Inhofe and Coburn: Red state hypocrites

Apparently, we have deserving and undeserving disasters, Oklahoma senators James Inhofe and Tom Coburn explain

Published May 21, 2013 4:09PM (EDT)

Tom Coburn, James Inhofe                   (Reuters/Jonathan Ernst/AP/Sue Ogrocki)
Tom Coburn, James Inhofe (Reuters/Jonathan Ernst/AP/Sue Ogrocki)

Just a week ago, Oklahoma Sen. James Inhofe suggested that President Obama might be impeached over the Benghazi non-scandal. Now, Inhofe must watch as Obama declares Inhofe's state a disaster area and promises Oklahomans “all the resources they need at their disposal.”

Inhofe, of course, believes his state deserves those resources, even though he voted down aid to Hurricane Sandy victims. On MSNBC, Chris Jansing confronted Inhofe about his calling the Sandy aid bill a “slush fund,” and the brazen right-winger insisted the two issues shouldn’t be linked.

“Let’s look at that, that was totally different,” Inhofe told Jansing. “They were getting things — for instance that was supposed to be in New Jersey, they had things in the Virgin Islands, they were fixing roads there, they were putting roofs on houses in Washington, D.C.; everyone was getting in and exploiting the tragedy taking place. That won’t happen in Oklahoma.”

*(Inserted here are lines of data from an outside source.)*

Lemma weight_le_exception c u z a b : in_box w p u -> in_box w p z -> c a = c b ->
  (forall x y, conflict u x y -> c y < c x \/ x = b /\ y = a) ->
  weight c z <= weight c u /\
  (weight c z = weight c u -> forall t, t != a -> t != b -> z t = u t).
Proof.
move=> bu bz cab strict.
have dom x y : conflict u x y -> c y <= c x.
  by move/strict=> [/ltW //|[-> ->]]; rewrite cab.
split=> [|E t ta tb]; first exact: weight_le_dominant.
apply/eqP/negPn/negP => /(weight_eq_dominant bu bz dom E)[x [y [/strict]]].
case=> [lt_yx exy _|[-> -> _]]; first by move: lt_yx; rewrite exy ltxx.
by case=> e; [move: tb | move: ta]; rewrite -e eqxx.
Qed.

End Levels.

Section Descent.
Local Open Scope ring_scope.
Variables (n : nat) (w : {perm 'I_n}) (p : nat) (R : realFieldType) (c : 'I_n -> R).
Implicit Types (u : {perm 'I_n}) (j t x y : 'I_n).

Lemma crossable_between j (a b k : nat) : box_admissible w p j a ->
  box_admissible w p j b -> (a <= k < b)%N -> crossable w p j k.
Proof. by rewrite /box_admissible /crossable; case: ifP => _; lia. Qed.

Lemma crossable_near j (a k : nat) : box_admissible w p j a -> (w j != a :> nat) ->
  (a.-1 <= k <= a)%N -> crossable w p j k.
Proof. by rewrite /box_admissible /crossable; case: ifP => _; lia. Qed.

Lemma in_box_tperm u x y : in_box w p u ->
  box_admissible w p x (u y) -> box_admissible w p y (u x) -> in_box w p (tperm x y * u)%g.
Proof.
move=> bu ax ay; apply/forallP=> t; rewrite permM.
by case: tpermP => [->|->|_ _] //; apply: in_boxP.
Qed.

(* The value of [w] at the endpoint whose move leaves the box sits at a
   position [t] strictly between, which can cross the relevant levels. *)
Lemma blocking_position u j j' : in_box w p u -> conflict w p u j j' ->
  ~~ (box_admissible w p j (u j') && box_admissible w p j' (u j)) ->
  exists t, [/\ (u j' < u t < u j)%N, crossable w p j (u t),
                crossable w p j' (u t).-1 & (w t != u t :> nat)].
Proof.
move=> bu cjj'; have adm t : box_admissible w p t (u t) by apply: in_boxP.
have [k [/andP[j'k kj] cjk cj'k]] := conflictP _ _ _ _ _ cjj'.
have moved t s : u t = w s :> nat -> u t != u s :> nat -> (w t != w s :> nat).
  move=> uts; apply: contraNneq => wts.
  by rewrite (perm_inj (val_inj (wts : w t = w s :> nat))).
case Aj: (box_admissible w p j (u j')) => /=; last first.
  move=> _; have jp : (p <= j)%N.
    rewrite leqNgt; apply/negP=> jp.
    by move: Aj (adm j) => /negbT; rewrite /box_admissible jp; lia.
  have /negbTE jp' : ~~ (j < p)%N by rewrite -leqNgt.
  have lt_j'wj : (u j' < w j)%N by move/negbT: Aj; rewrite /box_admissible jp' -ltnNge.
  have wjk : (w j <= k)%N by move: cjk; rewrite /crossable jp'.
  set t := (u^-1)%g (w j); have ut : u t = w j :> nat by rewrite permKV.
  exists t; split; rewrite ?ut.
  - by apply/andP; split; lia.
  - by rewrite /crossable jp'.
  - by move: cj'k (adm j'); rewrite /crossable /box_admissible; case: (j' < p)%N; lia.
  - by apply: (moved t j ut); rewrite ut; lia.
move=> nAj'; have j'p : (j' < p)%N.
  rewrite ltnNge; apply/negP=> pj'.
  by move: nAj' (adm j'); rewrite /box_admissible ltnNge pj' /=; lia.
have lt_wj'j : (w j' < u j)%N by move: nAj'; rewrite /box_admissible j'p -ltnNge.
have kwj' : (k < w j')%N by move: cj'k; rewrite /crossable j'p.
set t := (u^-1)%g (w j'); have ut : u t = w j' :> nat by rewrite permKV.
exists t; split; rewrite ?ut.
- by apply/andP; split; lia.
- by move: cjk (adm j); rewrite /crossable /box_admissible; case: (j < p)%N; lia.
- by rewrite /crossable j'p; lia.
- by apply: (moved t j' ut); rewrite ut; lia.
Qed.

Inhofe’s answer is too dishonest to fully parse. First of all, there was Sandy damage way beyond New Jersey, including in the Caribbean and in Washington, D.C., too. And Inhofe had different objections to the Sandy bill at the time. In a rambling, hard-to-follow Senate floor speech blocking Sandy aid last December, the Oklahoma conservative objected to the bill’s timing -- “There’s always a lot of theater right before Christmas time … We shouldn’t be talking about it right before Christmas” -- even though it was already going on two months since the storm ravaged the East Coast.

Inhofe was also exercised by the fact that the Sandy bill included what he said was $28 billion for future disasters. But the climate-change denier was particularly outraged that the bill included $3.5 billion to deal with what he called “global warming,” which led to a long rant against cap-and-trade legislation, and then his floor speech unraveled. (Interestingly, Inhofe’s own press operation put the incoherent speech up on YouTube, as though it was a proud moment for the senator.)

Oklahoma’s other GOP senator, Tom Coburn, brags that he’s going to seek tornado relief -- but insist that the funding is “offset” by other cuts to the federal budget. Coburn is proud that he’s being consistent by placing the same conditions on disaster aid to his own state as he’s demanded elsewhere. Consistent, maybe -- but also fundamentally cruel.

Especially in the wake of the sequester cuts, the notion that the federal budget is larded with easily eliminated spending is ludicrous. Would Coburn like to see more kids thrown out of Head Start? More seniors losing Meals on Wheels? The federal deficit is shrinking faster than at any time since just after World War II, but Coburn is going to insist that someone, somewhere, must lose their federal help so Oklahoma can get it instead.

There’s something so typical about today’s GOP in the way Inhofe can dismiss comparisons between tornado aid and Sandy aid while Coburn grandstands for his long-term demand that new spending, even on disaster relief, must be “offset” by cuts elsewhere. Meanwhile, the notion that a new disaster relief bill should include funding to cope with future disasters isn’t lauded as common sense, it’s derided as pork. Like Inhofe, Coburn objected to the Sandy bill’s including funding for future disaster relief. (It should be noted that Moore, Okla., Rep. Tom Cole, also a Republican, voted for the Sandy aid bill.)

Just as modern conservatism helped create categories of “deserving” and “undeserving” poor, we now apparently have deserving and undeserving disasters. When tragedy strikes, most Americans tend to want to pull together, but many Republicans look to pull us apart, placing their own constituents’ needs above everyone else’s.